I cover this subject in much greater detail in Chapter 7 of Numbersense (link). There are many reasons why the official inflation rate seems to diverge from our own experiences. One of the reasons is that we tend to notice and worry about price increases but we don't notice or take for granted price decreases. In the book, I cover the fascinating subject of the psychology of remembering prices. Obviously, this is a subject of utmost importance if we are to use surveys to understand perceived prices.
The price of a T-shirt (unbranded) has remained the same or may have declined in the last decades. Besides, the chart reveals that phone and accessories, computers and televisions have all enjoyed deflation over the last decade. Actually, much of the "deflation" is due to a controversial adjustment known as "hedonics". This is to claim that part of any price change is attributed to product or technology improvements. So, if you pay the same price today for an HDTV as in the past for a standard definition TV, then in reality, the price you paid today is cheaper than that in the past.

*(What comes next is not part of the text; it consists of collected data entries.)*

Lemma shortfall_affine k eta : k%:R <= eta <= k.+1%:R ->
  shortfall eta =
  (k.+1%:R - eta) * shortfall k%:R + (eta - k%:R) * shortfall k.+1%:R.
Proof.
rewrite -natr1 => /andP[le_k_eta le_eta_k1].
rewrite /shortfall !mulr_sumr -big_split /=; apply: eq_bigr => v _.
have [le_vk|lt_kv] := leqP v k.
  have : (v%:R : R) <= k%:R by rewrite ler_nat.
  by move=> ?; rewrite !max_l //; [ring|lra..].
have : k%:R + 1 <= (v%:R : R) by rewrite natr1 ler_nat.
by move=> ?; rewrite !max_r //; [ring|lra..].
Qed.

Lemma shortfall_ge eta : \sum_(v < m.+1) q v = 1 -> m%:R <= eta ->
  shortfall eta = shortfall m%:R + (eta - m%:R).
Proof.
move=> q_sum1 le_m_eta.
have -> : eta - m%:R = (\sum_(v < m.+1) q v) * (eta - m%:R) by rewrite q_sum1 mul1r.
rewrite mulr_suml /shortfall -big_split /=; apply: eq_bigr => v _.
have : (v%:R : R) <= m%:R by rewrite ler_nat -ltnS.
by move=> ?; rewrite !max_l //; [ring|lra..].
Qed.

End FiniteShortfall.

Section CVaRFiniteSupport.
Variables (R : realType) (m : nat) (q : nat -> R) (alpha : R).
Hypotheses (alpha_gt0 : 0 < alpha) (alpha_le1 : alpha <= 1).
Hypothesis q_sum1 : \sum_(v < m.+1) q v = 1.

Local Notation obj := (cvar_objective m q alpha).
Let M := \big[Num.max/0]_(k < m.+1) obj k%:R.

Lemma cvar_objective_affine k eta : k%:R <= eta <= k.+1%:R ->
  obj eta = (k.+1%:R - eta) * obj k%:R + (eta - k%:R) * obj k.+1%:R.
Proof. by move=> /shortfall_affine eta_k; rewrite /cvar_objective eta_k -natr1; ring. Qed.

Let obj_le_M (k : nat) : (k <= m)%N -> obj k%:R <= M.
Proof. by rewrite -ltnS => lt_km; exact: (le_bigmax _ _ (Ordinal lt_km)). Qed.

Let obj_le_max eta : obj eta <= M.
Proof.
have [le_eta_m|lt_m_eta] := leP eta m%:R; last first.
  have : 1 <= alpha^-1 by rewrite invf_ge1.
  rewrite /cvar_objective (shortfall_ge q_sum1 (ltW lt_m_eta)).
  have := obj_le_M (leqnn m); rewrite /cvar_objective; nra.
suff bounded k : (k <= m)%N -> eta <= k%:R -> obj eta <= M.
  exact: bounded m (leqnn m) le_eta_m.
elim: k => [_ eta_le0|k IHk lt_km le_eta_k1].
  have := obj_le_M (leq0n m).
  by rewrite /cvar_objective !shortfall_le0 // !mulr0 !subr0; apply: le_trans.
have [le_eta_k|lt_k_eta] := leP eta k%:R; first exact: IHk (ltnW lt_km) le_eta_k.
rewrite (@cvar_objective_affine k); last by rewrite (ltW lt_k_eta) le_eta_k1.
have a_le_M : obj k%:R <= M := obj_le_M (ltnW lt_km).
have b_le_M : obj k.+1%:R <= M := obj_le_M lt_km.
set a := obj k%:R in a_le_M *; set b := obj k.+1%:R in b_le_M *.
rewrite -natr1 in le_eta_k1 *.
have : 0 <= (k%:R + 1 - eta) * (M - a) by apply: mulr_ge0; lra.
have : 0 <= (eta - k%:R) * (M - b) by apply: mulr_ge0; lra.
lra.
Qed.

Lemma ereal_sup_cvar_objective :
  ereal_sup [set (obj eta)%:E | eta in [set: R]] = M%:E.
Proof.
apply/eqP; rewrite eq_le; apply/andP; split.
  by apply: ge_ereal_sup => _ [eta _ <-]; rewrite lee_fin obj_le_max.
rewrite /M -EFin_bigmax; apply: bigmax_le => [|k _]; apply: ereal_sup_ubound.
  by exists 0 => //; rewrite /cvar_objective shortfall_le0 // mulr0 subr0.
by exists k%:R.
Qed.

End CVaRFiniteSupport.

(* Generating polynomial of the indicator that an item is covered, when it is
   missed with probability [r]. *)
Definition cover_poly (R : nzRingType) (r : R) : {poly R} := r%:P + (1 - r) *: 'X.

Lemma coef_mul_cover_poly (R : comNzRingType) (p : {poly R}) (r : R) k :
  (p * cover_poly r)`_k = p`_k * r + (if k is k'.+1 then p`_k' else 0) * (1 - r).
Proof.
rewrite /cover_poly mulrDr coefD coefMC -scalerAr coefZ coefMX.
by case: k => [|k] /=; [rewrite mulr0 mul0r | rewrite [_ * p`_k]mulrC].
Qed.

Section CoverageGeneratingPolynomial.
Variables (R : comNzRingType) (n m : nat) (x : 'I_n -> bool) (a : 'I_m -> 'I_n -> R).

Definition outcome := {ffun 'I_m -> {ffun 'I_n -> bool}}.

Definition row_prob (i : 'I_m) (row : {ffun 'I_n -> bool}) :=
  \prod_j (if row j then a i j else 1 - a i j).

Definition outcome_prob (e : outcome) := \prod_i row_prob i (e i).

Definition row_covered (row : {ffun 'I_n -> bool}) := [exists j, x j && row j].

Definition ncovered (e : outcome) := #|[pred i | row_covered (e i)]|.

Definition miss_prob (i : 'I_m) := \prod_j (if x j then 1 - a i j else 1).

Definition ncovered_poly := \prod_(i < m) cover_poly (miss_prob i).

Lemma sum_row_prob i : \sum_row row_prob i row = 1.
Proof.
rewrite /row_prob -(bigA_distr_bigA (fun j b => if b then a i j else 1 - a i j)).
by apply: big1 => j _; rewrite big_bool /=; ring.
Qed.

Lemma sum_row_prob_uncovered i :
  \sum_row row_prob i row * (~~ row_covered row)%:R = miss_prob i.
Proof.
have prod_indicator (b : 'I_n -> bool) : \prod_j (b j)%:R = [forall j, b j]%:R :> R.
  case: (boolP [forall j, b j]) => [/forallP all_j|/forallPn[j /negbTE nj]].
    by apply: big1 => j _; rewrite all_j.
  by rewrite (bigD1 j) //= nj mul0r.
have split_row row : row_prob i row * (~~ row_covered row)%:R =
    \prod_j ((if row j then a i j else 1 - a i j) * (~~ (x j && row j))%:R).
  by rewrite big_split /= prod_indicator /row_covered negb_exists.
under eq_bigr do rewrite split_row.
rewrite -(bigA_distr_bigA (fun j b => (if b then a i j else 1 - a i j) * (~~ (x j && b))%:R)).
by apply: eq_bigr => j _; rewrite big_bool /=; case: (x j) => /=; ring.
Qed.

Lemma row_generating_poly i :
  \sum_row (row_prob i row)%:P * (if row_covered row then 'X else 1) =
  cover_poly (miss_prob i).
Proof.
transitivity (\sum_row ((row_prob i row)%:P * 'X +
    (row_prob i row * (~~ row_covered row)%:R)%:P * (1 - 'X))).
  by apply: eq_bigr => row _; case: row_covered; rewrite /= ?mulr0 ?mulr1 ?polyC0; ring.
rewrite big_split /= -!big_distrl /= -!rmorph_sum /= sum_row_prob.
by rewrite sum_row_prob_uncovered /cover_poly -mul_polyC polyCB; ring.
Qed.

Lemma outcome_generating_poly :
  \sum_e outcome_prob e *: 'X^(ncovered e) = ncovered_poly.
Proof.
rewrite /ncovered_poly; under [RHS]eq_bigr do rewrite -row_generating_poly.
rewrite bigA_distr_bigA /=; apply: eq_bigr => e _.
by rewrite -mul_polyC rmorph_prod -prodr_const [X in _ * X]big_mkcond -big_split.
Qed.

That adjustment is reasonable only to a certain extent. For instance, my cell phone company stuffs my plan with hundreds of unused and unusable minutes so on a per-minute basis, I am sure prices have come down substantially but on a per-used-minute basis, I'm not so sure.
Let's get to what we care about on this blog... the visual. There is one big puzzle embedded in this chart. Look at the line for televisions. It dipped below -100 percent! Like Antonio, many readers should be scratching their heads--did the price of television go negative? did the hedonic adjustment go bonkers?
As an aside, I don't like the current NYT convention of hiding too many axis labels. What period of time is this chart depicting? You'd only find out by reading the label of the vertical axis! I mentioned something similar the other day.
The key to understanding a chart like this is to learn what is being plotted. The first instinct is to think the change in prices over time. A quick glance at the vertical axis label would correct that misunderstanding. It said "Change in prices relative to a 23% increase in price for all items, 2005-2014".
This label is doing a lot of work--probably too much for its inconspicious location and unbolded, uncolored status.
Readers have to know that the official CPI is a weighted average of changes in prices of a specified basket of goods. Some but not all of the components are being graphed.
Then readers have to understand that there is an index of an index. The prices of each "item" (i.e. category or component of the CPI) are indiced to 1984 levels. So the prices of television is first re-indiced to 2005 as the baseline. This establishes a growth trajectory for television. But this is not what is being depicted.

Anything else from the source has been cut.